In studies assessing 8-month-olds or young children, delta amplitude over frontal and occipital areas was positively associated with current fine motor abilities.27,112 Despite these observations, our study showed no association between delta power at 4 months and later Eye and Hand Coordination levels, possibly indicating that the previous findings of associations between fine motor skills and delta activity are specific to frontal and occipital regions, not extending to whole-brain analysis or to future development. We performed many correlation analyses in this study which increases the probability of false positives. We note however, all correlations were concentrated towards delta power, making the observations consistent and these associations are expected to be stronger amongst defined neurodiverse cohorts.
Interhemispheric coherence
Functional connectivity as measured by EEG during resting-state,114 including sleep,51,52 evolves across development. This evolution in early life is concurrent with structural and sleep pattern development, although, the nature of these interactions is still poorly understood.31 Neonatal EEG connectivity changes across sleep states are associated with visual performance at 2 years of age, suggesting that sleep functional connectivity may predict later development. Associations between sleep EEG coherence and cognitive abilities were also found in older pediatric populations, where maturational changes in NREM sigma intrahemispheric coherence were associated with cognitive aspects such as attention.115 Additionally, cohorts of neurodiverse children and adolescents may present sleep coherence alterations relative to neurotypical peers.116 While genetics may play an important role in determining sleep EEG connectivity, it can be partially modulated through family factors and interventions through co-regulatory maternal emotional conditioning and physical proximity such as calm maternal interactions and co-sleeping arrangements117,118,119 which have the potential to improve aspects such as social-relatedness, attention and neurodevelopment.120
After controlling for gestational and postnatal age at the time of the appointments and sex, we noted two main trends amongst the significant results on interhemispheric coherence at 4 months. One was the interhemispheric coherence of fast rhythms which were positively correlated with subscale A at 18 months during N2. Subscale A assesses features related to learning aspects such as skills for learning, ways of thinking, working memory, and play.5 Tasks requiring executive function113 and associative learning121 may produce functional changes in connectivity measured by EEG coherence. Neuronal coherence is hypothesized to reflect neuronal communication122 with the potential for changes in synaptic plasticity.123 Adding to these observations, our study shows that ‘offline’ aspects of global interhemispheric connectivity may partially indicate skills for learning at 18 months.

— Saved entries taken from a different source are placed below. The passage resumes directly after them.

Lemma hit_before_target : a != z -> hit_before c a z a = 1.
Proof.
move=> az; rewrite /hit_before (_ : (fun n => _) = fun=> 1) ?lim_cst //.
by apply: funext => -[|n] /=; rewrite (negbTE az) eqxx.
Qed.

Lemma hit_before_avoided : hit_before c a z z = 0.
Proof.
rewrite /hit_before (_ : (fun n => _) = fun=> 0) ?lim_cst //.
by apply: funext => -[|n] /=; rewrite eqxx.
Qed.

End HittingProbability.

Lemma loop_erasure (T : Type) (e : T -> T -> Prop) (k : nat) (xs : nat -> T) :
  (forall i, (i < k)%N -> e (xs i) (xs i.+1)) ->
  exists k' (ys : nat -> T), [/\ (k' <= k)%N, ys 0%N = xs 0%N, ys k' = xs k,
    forall i, (i < k')%N -> e (ys i) (ys i.+1) &
    forall i j, (i <= k')%N -> (j <= k')%N -> ys i = ys j -> i = j].
Proof.
elim/ltn_ind: k xs => k IH xs xs_edge.
have [[i [j [ij jk xs_ij]]]|simple] :=
  pselect (exists i j, [/\ (i < j)%N, (j <= k)%N & xs i = xs j]); last first.
  exists k, xs; split=> // i j ik jk xs_ij.
  by case: (ltngtP i j) => // [ij|ji]; exfalso; apply: simple;
    [exists i, j | exists j, i].
pose d := (j - i)%N; pose ys n := if (n <= i)%N then xs n else xs (n + d)%N.
have ysE n : (i <= n)%N -> ys n = xs (n + d)%N.
  move=> iN; rewrite /ys; case: leqP => // ni.
  have -> : n = i by lia.
  by rewrite xs_ij /d subnKC // ltnW.
have ys_edge n : (n < k - d)%N -> e (ys n) (ys n.+1).
  move=> nk; have [ni|ni] := ltnP n i.
    by rewrite /ys ni ltnW //; apply: xs_edge; lia.
  by rewrite !ysE ?(leqW ni) // addSn; apply: xs_edge; lia.
have [|k' [zs [k'k zs0 zsk zs_edge zs_inj]]] := IH (k - d)%N _ ys ys_edge.
  by rewrite /d; lia.
exists k', zs; split=> //; first exact: leq_trans k'k (leq_subr _ _).
by rewrite zsk ysE ?subnK // /d; lia.
Qed.

Lemma ler_sum_inj (R : numDomainType) (I T : finType) (P : pred T)
    (g : I -> T) (F : T -> R) :
  injective g -> (forall i, P (g i)) -> (forall t, P t -> 0 <= F t) ->
  \sum_i F (g i) <= \sum_(t | P t) F t.
Proof.
move=> g_inj Pg F_ge0; rewrite -(big_imset _ (in2W g_inj)) /=.
rewrite [X in _ <= X]big_mkcond [X in X <= _]big_mkcond /=.
apply: ler_sum => t _; case: imsetP => [[i _ ->]|_]; first by rewrite Pg.
by case: ifP => // /F_ge0.
Qed.

(* Both orientations of the edges of a simple path are distinct pairs. *)
Lemma sum_simple_path_le (R : numDomainType) (T : finType) (A : pred T)
    (F : T -> T -> R) (k : nat) (ys : nat -> T) :
  (forall u v, 0 <= F u v) -> (forall u v, F u v = F v u) ->
  (forall i j, (i <= k)%N -> (j <= k)%N -> ys i = ys j -> i = j) ->
  (forall i, (i <= k)%N -> A (ys i)) ->
  2 * \sum_(i < k) F (ys i) (ys i.+1) <= \sum_(u | A u) \sum_(v | A v) F u v.
Proof.
move=> F_ge0 F_sym ys_inj ysA.
pose g (e : 'I_k + 'I_k) :=
  match e with inl i => (ys i, ys i.+1) | inr i => (ys i.+1, ys i) end.
have g_inj : injective g.
  move=> [i|i] [j|j] [e1 e2].
  - by congr inl; apply: val_inj; apply: ys_inj e1; apply: ltnW.
  - by have := ys_inj _ _ (ltnW (ltn_ord i)) (ltn_ord j) e1;
      have := ys_inj _ _ (ltn_ord i) (ltnW (ltn_ord j)) e2; lia.
  - by have := ys_inj _ _ (ltn_ord i) (ltnW (ltn_ord j)) e1;
      have := ys_inj _ _ (ltnW (ltn_ord i)) (ltn_ord j) e2; lia.
  - by congr inr; apply: val_inj; apply: ys_inj e2; apply: ltnW.
have := @ler_sum_inj R _ _ (fun p => A p.1 && A p.2) _ (fun p => F p.1 p.2) g_inj.
rewrite pair_big_dep big_sumType /=; under [X in _ + X]eq_bigr do rewrite F_sym.
rewrite mulr2n mulrDl mul1r; apply.
  by case=> i /=; rewrite !ysA // ltnW.
by move=> p _; apply: F_ge0.
Qed.

Lemma simple_path_avoids_pendant (R : numDomainType) (T : finType)
    (c : T -> T -> R) (w z : T) (k : nat) (ys : nat -> T) :
  (forall u v, c u v = c v u) -> (forall u, u != w -> u != z -> c u z = 0) ->
  (forall i, (i < k)%N -> 0 < c (ys i) (ys i.+1)) ->
  (forall i j, (i <= k)%N -> (j <= k)%N -> ys i = ys j -> i = j) ->
  ys 0%N != z -> ys k != z -> forall i, (i <= k)%N -> ys i != z.
Proof.
move=> c_sym z_pendant ys_edge ys_inj ys0 ysk i ik; apply/eqP => ysi.
have i_gt0 : (0 < i)%N by case: i ysi {ik} => // ysi; rewrite ysi eqxx in ys0.
have ilt : (i < k)%N.
  by rewrite ltn_neqAle ik andbT; apply/eqP => ik'; rewrite -ik' ysi eqxx in ysk.
have nbr j : (j <= k)%N -> j != i -> 0 < c (ys j) z -> ys j = w.
  move=> jk ji; apply: contraTeq => ysjw; rewrite z_pendant ?ltxx //.
  by apply: contraNneq ji => ysjz; apply/eqP/ys_inj; rewrite ?ysi.
have next : ys i.+1 = w.
  apply: nbr => //; first by lia.
  by rewrite c_sym -ysi ys_edge.
have prev : ys i.-1 = w.
  apply: nbr; [lia | lia |].
  by have := ys_edge i.-1; rewrite prednK // -ysi; apply; lia.
by have := ys_inj i.-1 i.+1; rewrite prev next => /(_ _ _ erefl); lia.
Qed.

Lemma connected_in_edge (R : realType) (T : finType) (c : T -> T -> R) (u v : T) :
  (forall s t, c s t = c t s) -> connected_network c -> u != v ->
  exists2 w, w != v & 0 < c w v.
Proof.
move=> c_sym c_conn uv; have [//|no_edge] := pselect (exists2 w, w != v & 0 < c w v).
have closed_v : fingraph.closed (fun s t => 0 < c s t) (predC1 v).
  move=> s t st; rewrite !inE.
  have [sv|sv] := eqVneq s v; have [tv|tv] := eqVneq t v => //; exfalso.
    by apply: no_edge; exists t; last rewrite c_sym -sv.
  by apply: no_edge; exists s; last rewrite -tv.
by have := closed_connect closed_v (c_conn u v); rewrite !inE eqxx uv.
Qed.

The second trend we observed was increased delta frequency interhemispheric disconnection during REM for infants who performed better on subscale E in early childhood. This subscale focuses on personal-social-emotional aspects. Infants who score higher on this scale demonstrate higher independence, higher levels of empathy and tempered humor and seek more social interactions.5 Sleep has been associated with mood and emotional processing; its deprivation is related to decreased social and intrapersonal functioning.124,125 Evidence suggests REM plays a critical role in sleep emotional processing, although there are discrepancies between studies regarding the direction of this modulation.126
Despite the associations observed between coherence and future development, it is important to note that, due to the large number of correlations calculated, statistically significant results may be false positives (type I error). Thus, the global interhemispheric coherence measured in this study should be regarded with caution.
Socioeconomic factors
Household income and highest level of maternal education were investigated as potential confounders in the relationships between the sleep features and Griffiths III quotients. Maternal education was not a confounder as it was not associated with Griffiths III quotients and hence we did not adjust for it in any analysis. We noted that although household income was associated with Griffiths III quotients at 18 months, the association between sleep features and Griffiths III remained unaltered when adjusted for household income (Supplementary table 2). This analysis had less than three-quarters of the participants from the original qEEG analysis, as only 50/69 participants provided income information which may have limited results. However, it should be noted that parental socioeconomics and alterations to this status influence childhood cognitive scores127. Low childhood cognitive scores, in its turn, impact the risk for adversities later in life such as low education, income and higher risk of depression.127 Early identification of risk for lower cognitive outcomes may allow psychosocial intervention with the potential of improving cognitive outcomes up to adulthood,128,129 better psychosocial outcomes,129 education achievement129 and job situation.130
Summary
In summary, sleep spindle synchrony and duration, as well as, delta power present consistent small to medium associations with development at 18 months. Together, sleep spindles and delta power were associated with 4/5 Griffiths’ subscales (the exception was Foundations of Learning) and general development quotients at 18 months. Macrostructure features and interhemispheric coherence, as analyzed here, should be interpreted with caution due to the possibility of type I error.
Strengths/limitations
This paper analyses a diverse range of sleep EEG biomarkers in term-born infants and their association with future development. This is one of the largest cohorts relating future cognitive ability to EEG sleep in healthy infants.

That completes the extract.